手数料水準が割高となりやすい2社間ファクタリングでも30%以内が妥当な線です。悪質な業者だと、債権譲渡登記や事務手数料など取引の各ステップで細々とした費用が発生、90%を超える支払いを要求されるケースもあります。
2社間取引だと期日到来後の支払いが必要ですが、法外な手数料を上乗せした分割払いの提案を言葉巧みに行って、さらにお金を搾取される悪循環となりがちです。
綱渡りで相手の要求に従っているうちにどんどん被害が拡大、いつまで経っても支払いが終わらず経営が傾いてしまうリスクもあります。

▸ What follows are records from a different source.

Lemma phi_iota h : phi (iotaA h) = iotaB h.
Proof.
apply: ps2_ext => a b; set p := \poly_(i < a.+1) h i.
rewrite (@phi_at a b (map_poly (polyCC k) p)).
  by rewrite Phi_polyCC ps2_polyC /iotaB coef_poly ltnSn.
move=> i j l hi _ _; rewrite ps3_polyCC /iotaA coef_poly.
by rewrite (leq_ltn_trans hi (ltnSn a)).
Qed.

Lemma phi_good : good_phi phi.
Proof.
have [y0E y1E y2E] := ps3_Y.
have phi_y0 : phi (y0 k) = ps2 X0 by rewrite -y0E phi_ps3 Phi_Y0.
have phi_y1 : phi (y1 k) = ps2 imY1 by rewrite -y1E phi_ps3 Phi_Y1.
have phi_y2 : phi (y2 k) = ps2 imY2 by rewrite -y2E phi_ps3 Phi_Y2.
split; first split.
- exact: phi_add.
- exact: phi_mul.
- by rewrite -ps3_1 phi_ps3 rmorph1 ps2_1.
- exact: phi_iota.
- rewrite /relA -y0E -y1E -y2E -!ps3M -ps3N -ps3D phi_ps3.
  rewrite rmorphD rmorphN !rmorphM Phi_Y0 Phi_Y1 Phi_Y2 imY1E imY2E.
  have -> : (- (X0 * X1)) * (- (X0 * X1)) + - (X0 * (X0 * (X1 * X1))) = 0 by ring.
  by apply: ps2_ext => a b; rewrite /ps2 !coef0.
- split=> a b hb.
  + by rewrite phi_y0 ps2_X0 (negbTE hb) andbF.
  + by rewrite phi_y1 ps2_imY1 (negbTE hb) andbF oppr0.
  + by rewrite phi_y2 ps2_imY2 (negbTE hb) andbF.
- exact: phi_bracket.
Qed.

Lemma sum_ord_delta n p (F : nat -> k) :
  \sum_(i < n) (i == p :> nat)%:R * F i = if (p < n)%N then F p else 0.
Proof.
rewrite -(@big_ord1_eq _ 0 +%R F p n) [RHS]big_mkcond; apply: eq_bigr => i _.
by case: eqP; rewrite ?mul1r ?mul0r.
Qed.

Lemma mul3_mono p q r g a b c : mul3 (mono3 k p q r) g a b c =
  if [&& p <= a, q <= b & r <= c]%N then g (a - p)%N (b - q)%N (c - r)%N else 0.
Proof.
have monoE i j l : mono3 k p q r i j l = (i == p)%:R * ((j == q)%:R * (l == r)%:R).
  by rewrite /mono3; do 3 case: eqP => _ /=; rewrite ?mulr1 ?mulr0 ?mul0r.
rewrite /mul3.
under eq_bigr => i _ do under eq_bigr => j _ do under eq_bigr => l _ do
  rewrite monoE -!mulrA.
under eq_bigr => i _ do under eq_bigr => j _ do
  rewrite -!mulr_sumr (sum_ord_delta _ _ (fun l => g (a - i) (b - j) (c - l))%N).
under eq_bigr => i _ do rewrite -mulr_sumr (sum_ord_delta _ _
  (fun j => if (r < c.+1)%N then g (a - i)%N (b - j)%N (c - r)%N else 0)).
rewrite (sum_ord_delta _ _ (fun i => if (q < b.+1)%N then
  if (r < c.+1)%N then g (a - i)%N (b - q)%N (c - r)%N else 0 else 0)).
by rewrite !ltnS; case: (p <= a)%N; case: (q <= b)%N; case: (r <= c)%N => /=.
Qed.

Lemma mul2_one g : mul2 (one2 k) g = g.
Proof.
have oneE i j : one2 k i j = (i == 0%N)%:R * (j == 0%N)%:R.
  by rewrite /one2 /mono2; do 2 case: eqP => _ /=; rewrite ?mulr1 ?mulr0.
apply: ps2_ext => a b; rewrite /mul2.
under eq_bigr => i _ do under eq_bigr => j _ do rewrite oneE -mulrA.
under eq_bigr => i _ do rewrite -mulr_sumr (sum_ord_delta _ _ (fun j => g (a - i)%N (b - j)%N)).
by rewrite (sum_ord_delta _ _ (fun i => g (a - i)%N (b - 0)%N)) !subn0.
Qed.

Lemma mul2_vanish a b F g : vanish_below a.+1 F -> mul2 (ps2 F) g a b = 0.
Proof.
move=> hF; rewrite /mul2 big1 // => i _; rewrite big1 // => j _.
by rewrite /ps2 hF ?coef0 ?mul0r.
Qed.

Lemma bracketB_X0 u a b : bracketB (ps2 X0) u a b = - ((b.+1)%:R * u a b.+1).
Proof.
rewrite /bracketB; case: (ps2_dX X0) => <- <-.
case: (dX_X k) => -> _ -> _; rewrite ps2_1 mul2_one /opp2 /add2 mul2_vanish ?oppr0 ?addr0 //.
by move=> m _; rewrite coef0.
Qed.

Lemma decompose_high a (R : PS3 k) : agree3 a R (zero3 k) ->
  R = add3 (mul3 (ps3 (Y0 ^+ a.+1)) (fun i j l => R (i + a.+1)%N j l))
     (add3 (mul3 (ps3 (Y1 ^+ a.+1))
                 (fun i j l => if (i <= a)%N then R i (j + a.+1)%N l else 0))
           (mul3 (ps3 (Y2 ^+ a.+1))
                 (fun i j l => if (i <= a)%N && (j <= a)%N then R i j (l + a.+1)%N else 0))).
Proof.
move=> hR; case: (ps3_Yn a.+1) => -> -> ->.
apply: ps3_ext => i j l; rewrite /add3 !mul3_mono !leq0n !subn0 /=.
have [hi | hi] := leqP i a; have [hj | hj] := leqP j a; have [hl | hl] := leqP l a;
  by rewrite /= ?subnK ?addr0 ?add0r // hR.
Qed.

Section Uniqueness.
Hypothesis char0 : [pchar k] =i pred0.
Variable psi : PS3 k -> PS2 k.
Hypothesis psi_good : good_phi psi.

Let psiD f g : psi (add3 f g) = add2 (psi f) (psi g). Proof. by case: psi_good => [[]]. Qed.
Let psiM f g : psi (mul3 f g) = mul2 (psi f) (psi g). Proof. by case: psi_good => [[]]. Qed.
Let psi_iota h : psi (iotaA h) = iotaB h. Proof. by case: psi_good => [[]]. Qed.
Let psi_bracket f g : psi (bracketA f g) = bracketB (psi f) (psi g).
Proof. by case: psi_good. Qed.
Let psi_homog : homogB 1 (psi (ps3 Y1)) /\ homogB 2 (psi (ps3 Y2)).
Proof. by have [_ -> ->] := ps3_Y; case: psi_good => _ []. Qed.

Lemma psi_polyCC p : psi (ps3 (map_poly (polyCC k) p)) = ps2 (Phi (map_poly (polyCC k) p)).
Proof. by rewrite ps3_polyCC psi_iota Phi_polyCC ps2_polyC. Qed.

Lemma psi_Y0 : psi (ps3 Y0) = ps2 X0.
Proof.
have -> : Y0 = map_poly (polyCC k) 'X by rewrite map_polyX.
by rewrite psi_polyCC map_polyX -Phi_Y0.
Qed.

Lemma psi_Y1 : psi (ps3 Y1) = ps2 imY1.
Proof.
have := psi_bracket (ps3 Y0) (ps3 Y1); rewrite -ps3_bracket (proj1 (bracketP3_Y0 k)) psi_Y0.
move=> e; apply: ps2_ext => a b; rewrite ps2_imY1.
have [-> | hb] := eqVneq b 1%N; last first.
  by rewrite (proj1 psi_homog) // andbF oppr0.
have := congr1 (fun F => F a 0%N) e; rewrite /= bracketB_X0 ps2_X0 mul1r => ->.
by rewrite opprK.
Qed.

Lemma psi_Y2 : psi (ps3 Y2) = ps2 imY2.
Proof.
have := psi_bracket (ps3 Y0) (ps3 Y2).
rewrite -ps3_bracket (proj2 (bracketP3_Y0 k)) ps3D psiD psi_Y1 psi_Y0.
move=> e; apply: ps2_ext => a b; rewrite ps2_imY2.
have [-> | hb] := eqVneq b 2%N; last first.
  by rewrite (proj2 psi_homog) // andbF.
have two_neq0 : (2%:R : k) != 0 by move/pcharf0P: char0 => ->.
apply: (mulfI two_neq0); have := congr1 (fun F => F a 1%N) e.
rewrite /= bracketB_X0 /add2 ps2_imY1 andbT => e2.
by rewrite -[LHS]opprK -e2; ring.
Qed.

Lemma psi_ps3 P : psi (ps3 P) = ps2 (Phi P).
Proof.
elim/poly3_ind: P => [c|P Q eP eQ|P Q eP eQ|||].
- by have := psi_polyCC c%:P; rewrite !map_polyC.
- by rewrite ps3D psiD eP eQ rmorphD ps2D.
- by rewrite ps3M psiM eP eQ rmorphM ps2M.
- by rewrite psi_Y0 Phi_Y0.
- by rewrite psi_Y1 Phi_Y1.
- by rewrite psi_Y2 Phi_Y2.
Qed.

Lemma psi_eq_phi : psi = phi.
Proof.
apply: functional_extensionality => f; apply: ps2_ext => a b.
set T := ps3 (trunc3 a.+1 f).
set R := fun i j l => f i j l - T i j l.
have fE : f = add3 T R by apply: ps3_ext => i j l; rewrite /add3 /R addrC subrK.
have hR : agree3 a R (zero3 k).
  by move=> i j l hi hj hl; rewrite /R /T (trunc3_agree f (ltnSn a) hi hj hl) subrr.
have psiR : psi R a b = 0.
  rewrite (decompose_high hR) !psiD /add2 !psiM !psi_ps3.
  case: (vanish_below_Phi_Yn k a.+1) => v0 v1 v2.
  transitivity (0 + (0 + 0) : k); last by rewrite !addr0.
  by congr (_ + (_ + _)); apply: mul2_vanish.
rewrite {1}fE psiD /add2 psiR addr0 psi_ps3.
by rewrite /phi /ps2.
Qed.

End Uniqueness.

End Series.

Theorem theorem3 (k : fieldType) (hchar : [pchar k] =i pred0) :
  exists phi : PS3 k -> PS2 k,
    [/\ good_phi phi,
        phi (y0 k) = x0 k,
        phi (y1 k) = opp2 (mul2 (x0 k) (x1 k)),
        phi (y2 k) = mul2 (x0 k) (mul2 (x1 k) (x1 k))
      & forall psi : PS3 k -> PS2 k, good_phi psi -> psi = phi].
Proof.
have [<- <- <-] := ps3_Y k; have [<- <-] := ps2_imY k; have [<- _] := ps2_X k.
exists (phi (k := k)); split.
- exact: phi_good.
- by rewrite phi_ps3 Phi_Y0.
- by rewrite phi_ps3 Phi_Y1.
- by rewrite phi_ps3 Phi_Y2.
- by move=> psi psi_good; apply: (psi_eq_phi hchar psi_good).
Qed.
Lemma opnorm_spec (A : mat2) :
  (forall v, vnorm v = 1 -> vnorm (mat2_apply A v) <= opnorm A) /\
  (forall b, (forall v, vnorm v = 1 -> vnorm (mat2_apply A v) <= b) -> opnorm A <= b).
Proof.
  unfold opnorm.
  set (S := fun r => exists v, vnorm v = 1 /\ r = vnorm (mat2_apply A v)).
  destruct (Lub_Rbar_correct S) as [Hub Hlub].
  destruct (Lub_Rbar S) as [l| |]; simpl.
  - split.
    + intros v Hv. exact (Hub _ (ex_intro _ v (conj Hv eq_refl))).
    + intros b Hb. apply (Hlub (Finite b)). intros x [v [Hv ->]]. now apply Hb.
  - exfalso. apply (Hlub (Finite (entry_norm A))). intros x [v [Hv ->]]; simpl.
    rewrite <- (Rmult_1_r (entry_norm A)), <- Hv. apply vnorm_apply_le_entry_norm.
  - exfalso. exact (Hub _ (ex_intro _ e1 (conj vnorm_e1 eq_refl))).
Qed.

Lemma opnorm_ge_unit (A : mat2) (v : C * C) :
  vnorm v = 1 -> vnorm (mat2_apply A v) <= opnorm A.
Proof. apply opnorm_spec. Qed.

Lemma opnorm_le_of_unit (A : mat2) (b : R) :
  (forall v, vnorm v = 1 -> vnorm (mat2_apply A v) <= b) -> opnorm A <= b.
Proof. apply opnorm_spec. Qed.

Lemma opnorm_ge0 (A : mat2) : 0 <= opnorm A.
Proof. eapply Rle_trans; [apply vnorm_ge0 | exact (opnorm_ge_unit A e1 vnorm_e1)]. Qed.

こわいのは、どこかでストップをかけようと相手の要求を拒否したところで、取引先に債権譲渡通知を送付するなど嫌がらせを受けるリスクが伴うことです。
いかにも自社の経営が傾いているかのようにネガティブな情報が伝わると、信頼関係が崩れて営業活動ができなくなる事態となりかねません。
どんなに資金繰りに困った時でも、悪質な業者との取引は控えましょう。甘い話しには裏があると考えて、条件をきちんと確認します。
手数料や諸費用に関する見積もり書面は大切に保管、契約書を交わしたら必ず控えを受け取りましょう。
契約書に書かれていない費用を請求されたら専門家に相談、しかるべき対処が必要です。